We thread that fast at work. Sometimes slower. Some of our shafts don't have a thread relief on them. You just pull out when you get to the end. (No jokes:O) I think they look better that way? I have a great thread chart I'll scan and post. It tells you how much infead you need for a certian pitch thread. You just stick a indicator against the cross slice and dial in that amount. (Not all at ounce:O) Marv has a program that does the same thing, I think?

Later, Wes


----------



## S_J_H (Jan 19, 2008)

And then there is cnc threading. ;D
I cut this thread at 500rpm on the cnc bench lathe I built, It was an early test of the machines threading capability






http://i109.photobucket.com/player.swf?file=http://vid109.photobucket.com/albums/n48/S_J_H/cnc%20bench%20lathe/cncthreading-1.flv
Steve


----------



## Powder keg (Jan 19, 2008)

Great job on your CNC. I can't wait till I can get started on my mill. 

Wes


----------



## Brass_Machine (Jan 19, 2008)

S_J_H, I am so gonna build one of those.

Eric


----------



## BobWarfield (Jan 19, 2008)

SJH, nice video!

You didn't mention what the material was, steel?

Seems like you could cut with a lot more rpm, at least 1000, no?

A faster speed might make for an even more interesting video.

Best,

BW


----------



## S_J_H (Jan 19, 2008)

Bob, it was 12l14 steel. I'll take a vid of it cutting threads at 1000rpm rpm in the near future. 
The only problem with threading and Mach3 is I don't think you can stop and check the fit and restart. So sometimes manually threading would be a better choice. 

Since I built the machine I honestly have used it very little. I have been rebuilding a S/B 9" for the last few months. That is finally finished as of this weekend so I can play with the cnc lathe a little now.

This has to be one of the best featured forums I have ever seen!
Steve


----------



## rake60 (Jan 19, 2008)

Now that's the way to cut threads. 

The Mazak I run for a paycheck will cut a thread right up to a hard shoulder.
I find it very difficult to watch that first pass. 

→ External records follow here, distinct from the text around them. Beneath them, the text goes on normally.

(* Let $p\in(1,\infty)$ be such that $\gamma_{p,w}:=\gamma\, n^{1/p}(w_{\max}/w_{\min})^{1/p}<1$, let $Q^*_\lambda$ be the unique fixed point of $F_\lambda$, and let $\theta^*_p:=\arg\min_{\theta\in\mathbb{R}^d} f_p(\theta)$, where $f_p(\theta)=\frac1p\|F_\lambda(\Phi\theta)-\Phi\theta\|_{p,w}^p$. Then \[ \|Q_{\theta^*_p}-Q^*_\lambda\|_{p,w}\le\frac{1+\gamma_{p,w}}{1-\gamma_{p,w}}\min_{\theta\in\mathbb{R}^d}\|Q_\theta-Q^*_\lambda\|_{p,w}. \]
   Context: Finite discounted MDP with state space $\mathcal S$, action space $\mathcal A$, transition probabilities $P(s'\mid s,a)$, expected reward $R(s,a)$, discount $\gamma\in[0,1)$; $n=|\mathcal S||\mathcal A|$ and Q-functions are vectors in $\mathbb{R}^n$ indexed by $(s,a)$. For $\lambda>0$, $(F_\lambda Q)(s,a) := R(s,a)+\gamma\sum_{s'}P(s'\mid s,a)\,\lambda\ln\big(\sum_{u\in\mathcal A}\exp(Q(s',u)/\lambda)\big)$. Weights $w_i>0$ with $\sum_i w_i=1$, $\|x\|_{p,w}=(\sum_i w_i|x_i|^p)^{1/p}$, $w_{\min}=\min_i w_i$, $w_{\max}=\max_i w_i$. $\Phi\in\mathbb{R}^{n\times d}$ is a full-rank feature matrix and $Q_\theta=\Phi\theta$. When $\gamma_{p,w}<1$, $F_\lambda$ is a contraction in $\|\cdot\|_{p,w}$ with unique fixed point $Q^*_\lambda$. *)

From mathcomp Require Import all_boot all_order all_algebra.
From mathcomp Require Import reals sequences exp.
Set Implicit Arguments. Unset Strict Implicit. Unset Printing Implicit Defensive.
Import Order.TTheory GRing.Theory Num.Theory.
Local Open Scope ring_scope.

Section MDPDefs.
Variable R : realType.

Definition pwnorm (I : finType) (p : R) (w x : I -> R) : R :=
  (\sum_i w i * `|x i| `^ p) `^ p^-1.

Nice set up you have there Steve!

Rick


----------



## jgarrett (Jan 20, 2008)

S_J_H, Do you have a picture of the bit used to cut threads that close to a shoulder???? I saw the other post asking how to thread to a shoulder but I am interested in seeing the tool required to do that. Could not download the vid. because I am on dial up.
Thanks,
Julian G.


----------



## S_J_H (Jan 20, 2008)

Thanks Rake!

Julian, I just used a 3$ cheap brazed carbide bit in that vid. Style ER.
You can get them cheap at Enco-
http://www.use-enco.com/CGI/INPDFF?PMPAGE=154&PMITEM=383-6302

Steve


----------